*** TASK DATA ***

Lemma dyadic_interp_cell f n k t : k%:~R <= t * 2 ^+ n <= k%:~R + 1 ->
  dyadic_interp f n t = f (k%:~R / 2 ^+ n) + (t * 2 ^+ n - k%:~R) *
     (f ((k%:~R + 1) / 2 ^+ n) - f (k%:~R / 2 ^+ n)).
Proof.
move=> /andP[kt tk]; rewrite /dyadic_interp.
have [tk'|kt'] := ltrP (t * 2 ^+ n) (k%:~R + 1).
  by rewrite (floor_def (m := k)) // kt intrD.
(* on the right endpoint the floor is k + 1, but both formulas give f t *)
have et : t * 2 ^+ n = k%:~R + 1 by apply/le_anti; rewrite tk kt'.
rewrite (floor_def (m := k + 1)); last by rewrite !intrD et lexx /= ltrDl.
have -> : t = (k%:~R + 1) / 2 ^+ n by rewrite -et mulfK // expf_neq0.
by rewrite divfK ?expf_neq0 // intrD; ring.
Qed.

Lemma grid_affine_dyadic_interp f n : grid_affine (2 ^+ n) (dyadic_interp f n).
Proof.
move=> k; set D := f ((k%:~R + 1) / 2 ^+ n) - f (k%:~R / 2 ^+ n).
exists (f (k%:~R / 2 ^+ n) - k%:~R * D), (2 ^+ n * D) => t kt.
by rewrite (dyadic_interp_cell f kt) -/D; ring.
Qed.

Lemma grid_affine_dyadic_increment f m :
  grid_affine (2 ^+ m.+1) (dyadic_interp f m.+1 \- dyadic_interp f m).
Proof.
apply: grid_affineB; first exact: grid_affine_dyadic_interp.
by rewrite exprS; apply/grid_affine_refine/grid_affine_dyadic_interp.
Qed.

End dyadic_grid.

Section grid_holder.
Variable R : realType.
Implicit Types (g : R -> R) (N : nat) (k : int) (c s t u v : R).

Lemma intr_addr1_le_natr k N (x : R) : k%:~R < x -> x <= N%:R -> k%:~R + 1 <= N%:R :> R.
Proof.
move=> kx xN; have kN : (k < N%:Z)%R by rewrite -(ltr_int R); exact: lt_le_trans xN.
have : (k + 1 <= N%:Z)%R by lia.
by rewrite -(ler_int R) intrD1.
Qed.

Lemma grid_cell_of N (x : R) : (0 < N)%N -> 0 <= x <= 1 ->
  exists k, [/\ (0 <= k)%R, k%:~R + 1 <= N%:R :> R & k%:~R <= x * N%:R <= k%:~R + 1].
Proof.
move=> N0 /andP[x0 x1]; have [xlt|xge] := ltrP x 1.
  exists (Num.floor (x * N%:R)); have /andP[kx xk] := floor_itv (x * N%:R).
  split; first by rewrite floor_ge0 mulr_ge0.
  - apply: intr_addr1_le_natr (le_lt_trans kx _) _; last exact: lexx.
    by rewrite -[ltRHS]mul1r ltr_pM2r ?ltr0n.
  - by rewrite kx ltW // -intrD1.
exists (N.-1)%:Z; have -> : x = 1 by apply/le_anti; rewrite x1 xge.
have e : ((N.-1)%:Z)%:~R + 1 = N%:R :> R by rewrite pmulrn natr1 prednK.
by rewrite mul1r e lexx andbT -e lerDl.
Qed.

Lemma affine_lipschitz g (a b u0 u1 c : R) : u0 < u1 ->
  (forall t, u0 <= t <= u1 -> g t = a + b * t) -> `|g u0| <= c -> `|g u1| <= c ->
  forall u v, u0 <= u <= u1 -> u0 <= v <= u1 ->
  `|g u - g v| * (u1 - u0) <= 2 * c * `|u - v|.
Proof.
move=> u01 gab g0 g1 u v uu vv.
have dist x y : u0 <= x <= u1 -> u0 <= y <= u1 -> `|g x - g y| = `|b| * `|x - y|.
  by move=> xx yy; rewrite !gab // -normrM; congr `|_|; ring.
have slope : `|b| * (u1 - u0) <= 2 * c.
  have end0 : u0 <= u0 <= u1 by rewrite lexx ltW.
  have end1 : u0 <= u1 <= u1 by rewrite lexx ltW.
  rewrite -[u1 - u0]gtr0_norm ?subr_gt0 // -dist //.
  by apply: le_trans (ler_normB _ _) _; lra.
by rewrite dist // mulrAC ler_wpM2r.
Qed.

Lemma grid_affine_lipschitz g N c k u v : (0 < N)%N -> grid_affine N%:R g ->
  (forall t, 0 <= t <= 1 -> `|g t| <= c) -> (0 <= k)%R -> k%:~R + 1 <= N%:R :> R ->
  k%:~R <= u * N%:R <= k%:~R + 1 -> k%:~R <= v * N%:R <= k%:~R + 1 ->
  `|g u - g v| <= 2 * c * N%:R * `|u - v|.
Proof.
move=> N0 gN gc k0 kN uk vk; have N0' : 0 < N%:R :> R by rewrite ltr0n.
have [a [b gab]] := gN k.
have cellE (x : R) : (k%:~R <= x * N%:R <= k%:~R + 1) =
    (k%:~R / N%:R <= x <= (k%:~R + 1) / N%:R).
  by rewrite ler_pdivrMr // ler_pdivlMr.
have k0' : 0 <= k%:~R :> R by rewrite ler0z.
have in01 (x : R) : k%:~R <= x * N%:R <= k%:~R + 1 -> 0 <= x <= 1.
  move=> /andP[kx xk]; apply/andP; split.
  - by rewrite -(pmulr_lge0 _ N0'); lra.
  - by rewrite -(ler_pM2r N0') mul1r; lra.
have end0 : k%:~R <= (k%:~R / N%:R * N%:R : R) <= k%:~R + 1.
  by rewrite divfK ?gt_eqF //; apply/andP; split; lra.
have end1 : k%:~R <= ((k%:~R + 1) / N%:R * N%:R : R) <= k%:~R + 1.
  by rewrite divfK ?gt_eqF //; apply/andP; split; lra.
have gab' t : k%:~R / N%:R <= t <= (k%:~R + 1) / N%:R -> g t = a + b * t.
  by rewrite -cellE; exact: gab.
have u01 : k%:~R / N%:R < (k%:~R + 1) / N%:R :> R by rewrite ltr_pM2r ?invr_gt0 // ltrDl.
rewrite cellE in uk; rewrite cellE in vk.
have := affine_lipschitz u01 gab' (gc _ (in01 _ end0)) (gc _ (in01 _ end1)) uk vk.
rewrite mulrDl addrAC subrr add0r mul1r => h.
by rewrite mulrAC -ler_pdivrMr.
Qed.

Lemma grid_affine_lipschitz_near g N c s t : (0 < N)%N -> grid_affine N%:R g ->
  (forall t, 0 <= t <= 1 -> `|g t| <= c) -> 0 <= s -> s < t -> t <= 1 ->
  N%:R * (t - s) <= 1 -> `|g s - g t| <= 2 * c * N%:R * (t - s).
Proof.
move=> N0 gN gc s0 st t1 near; have N0' : 0 < N%:R :> R by rewrite ltr0n.
have lip := grid_affine_lipschitz N0 gN gc.
have sN : s * N%:R < t * N%:R by rewrite ltr_pM2r.
have tN : t * N%:R <= N%:R by rewrite -[leRHS]mul1r ler_pM2r.
have tsN : t * N%:R <= s * N%:R + 1 by move: near; rewrite mulrBr ![N%:R * _]mulrC; lra.
have s01 : 0 <= s <= 1 by apply/andP; split; lra.
have [k [k0 kN sk]] := grid_cell_of N0 s01.
have ts : `|s - t| = t - s by rewrite distrC gtr0_norm // subr_gt0.
have [tk|kt] := lerP (t * N%:R) (k%:~R + 1).
  by rewrite -ts; apply: (lip k) => //; move: sk => /andP[? ?]; rewrite tk andbT; lra.
(* [t] lies in the next cell: split at the common endpoint [p] *)
pose p : R := (k%:~R + 1) / N%:R.
have pN : p * N%:R = k%:~R + 1 by rewrite divfK ?gt_eqF.
have k1N : (k + 1)%:~R + 1 <= N%:R :> R.
  by apply: (intr_addr1_le_natr (x := t * N%:R)) => //; rewrite intrD1.
have pk : k%:~R <= p * N%:R <= k%:~R + 1 by rewrite pN lexx lerDl ler01.
have pk1 : (k + 1)%:~R <= p * N%:R <= (k + 1)%:~R + 1 by rewrite pN intrD1 lexx lerDl ler01.
have tk1 : (k + 1)%:~R <= t * N%:R <= (k + 1)%:~R + 1.
  by rewrite intrD1; move: sk => /andP[? ?]; apply/andP; split; lra.
have h1 := lip k s p k0 kN sk pk.
have h2 := lip (k + 1)%R p t (addr_ge0 k0 ler01) k1N pk1 tk1.
have ps : s <= p by rewrite -(ler_pM2r N0') pN; case/andP: sk.
have pt : p <= t by rewrite -(ler_pM2r N0') pN ltW.
have sp : `|s - p| = p - s by rewrite distrC ger0_norm // subr_ge0.
have pt' : `|p - t| = t - p by rewrite distrC ger0_norm // subr_ge0.
rewrite sp in h1; rewrite pt' in h2.
rewrite (_ : g s - g t = (g s - g p) + (g p - g t)); last by ring.
apply: le_trans (ler_normD _ _) _; apply: le_trans (lerD h1 h2) _.
by rewrite -mulrDr addrC addrA subrK.
Qed.

Lemma grid_affine_holder g N c alpha s t : (0 < N)%N -> 0 <= alpha <= 1 ->
  grid_affine N%:R g -> (forall t, 0 <= t <= 1 -> `|g t| <= c) ->
  0 <= s -> s < t -> t <= 1 -> `|g s - g t| <= 2 * c * (N%:R * (t - s)) `^ alpha.
Proof.
move=> N0 /andP[a0 a1] gN gc s0 st t1.
have c0 : 0 <= c by apply: le_trans (gc 0 _); rewrite ?lexx ?ler01.
have x0 : 0 < N%:R * (t - s) by rewrite mulr_gt0 ?ltr0n ?subr_gt0.
have [x1|x1] := lerP 1 (N%:R * (t - s)).
  apply: (@le_trans _ _ (2 * c)).
    by apply: le_trans (ler_normB _ _) _; have := gc s; have := gc t; lra.
  rewrite -[leLHS]mulr1 ler_wpM2l ?mulr_ge0 //.
  by rewrite -[leLHS](powRr0 (N%:R * (t - s))) ler_powR.
apply: le_trans (grid_affine_lipschitz_near N0 gN gc s0 st t1 (ltW x1)) _.
by rewrite -mulrA ler_wpM2l ?mulr_ge0 // ger1_powR // x0 ltW.
Qed.

End grid_holder.

Lemma dyadic_increment_holder (R : realType) (f : R -> R) m (c alpha s t : R) :
  0 <= alpha <= 1 ->
  (forall t, 0 <= t <= 1 -> `|dyadic_interp f m.+1 t - dyadic_interp f m t| <= c) ->
  0 <= s -> s < t -> t <= 1 ->
  `|(dyadic_interp f m.+1 s - dyadic_interp f m s) -
    (dyadic_interp f m.+1 t - dyadic_interp f m t)|
    <= 2 * c * (2 ^+ m.+1 * (t - s)) `^ alpha.
Proof.
move=> a01 gc s0 st t1; rewrite -natrX.
apply: (grid_affine_holder (g := dyadic_interp f m.+1 \- dyadic_interp f m)) => //.
  exact: expn_gt0.
by rewrite natrX; exact: grid_affine_dyadic_increment.
Qed.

*** End of TASK DATA ***

TASK REQUIREMENTS: Repeat exactly the lines above, starting with the first line of the records and finishing with the line holding "Lemma grid_cell_of N". Add no other line.

RESULT OF THE TASK:
Lemma dyadic_interp_cell f n k t : k%:~R <= t * 2 ^+ n <= k%:~R + 1 ->
  dyadic_interp f n t = f (k%:~R / 2 ^+ n) + (t * 2 ^+ n - k%:~R) *
     (f ((k%:~R + 1) / 2 ^+ n) - f (k%:~R / 2 ^+ n)).
Proof.
move=> /andP[kt tk]; rewrite /dyadic_interp.
have [tk'|kt'] := ltrP (t * 2 ^+ n) (k%:~R + 1).
  by rewrite (floor_def (m := k)) // kt intrD.
(* on the right endpoint the floor is k + 1, but both formulas give f t *)
have et : t * 2 ^+ n = k%:~R + 1 by apply/le_anti; rewrite tk kt'.
rewrite (floor_def (m := k + 1)); last by rewrite !intrD et lexx /= ltrDl.
have -> : t = (k%:~R + 1) / 2 ^+ n by rewrite -et mulfK // expf_neq0.
by rewrite divfK ?expf_neq0 // intrD; ring.
Qed.

Lemma grid_affine_dyadic_interp f n : grid_affine (2 ^+ n) (dyadic_interp f n).
Proof.
move=> k; set D := f ((k%:~R + 1) / 2 ^+ n) - f (k%:~R / 2 ^+ n).
exists (f (k%:~R / 2 ^+ n) - k%:~R * D), (2 ^+ n * D) => t kt.
by rewrite (dyadic_interp_cell f kt) -/D; ring.
Qed.

Lemma grid_affine_dyadic_increment f m :
  grid_affine (2 ^+ m.+1) (dyadic_interp f m.+1 \- dyadic_interp f m).
Proof.
apply: grid_affineB; first exact: grid_affine_dyadic_interp.
by rewrite exprS; apply/grid_affine_refine/grid_affine_dyadic_interp.
Qed.

End dyadic_grid.

Section grid_holder.
Variable R : realType.
Implicit Types (g : R -> R) (N : nat) (k : int) (c s t u v : R).

Lemma intr_addr1_le_natr k N (x : R) : k%:~R < x -> x <= N%:R -> k%:~R + 1 <= N%:R :> R.
Proof.
move=> kx xN; have kN : (k < N%:Z)%R by rewrite -(ltr_int R); exact: lt_le_trans xN.
have : (k + 1 <= N%:Z)%R by lia.
by rewrite -(ler_int R) intrD1.
Qed.

Lemma grid_cell_of N (x : R) : (0 < N)%N -> 0 <= x <= 1 ->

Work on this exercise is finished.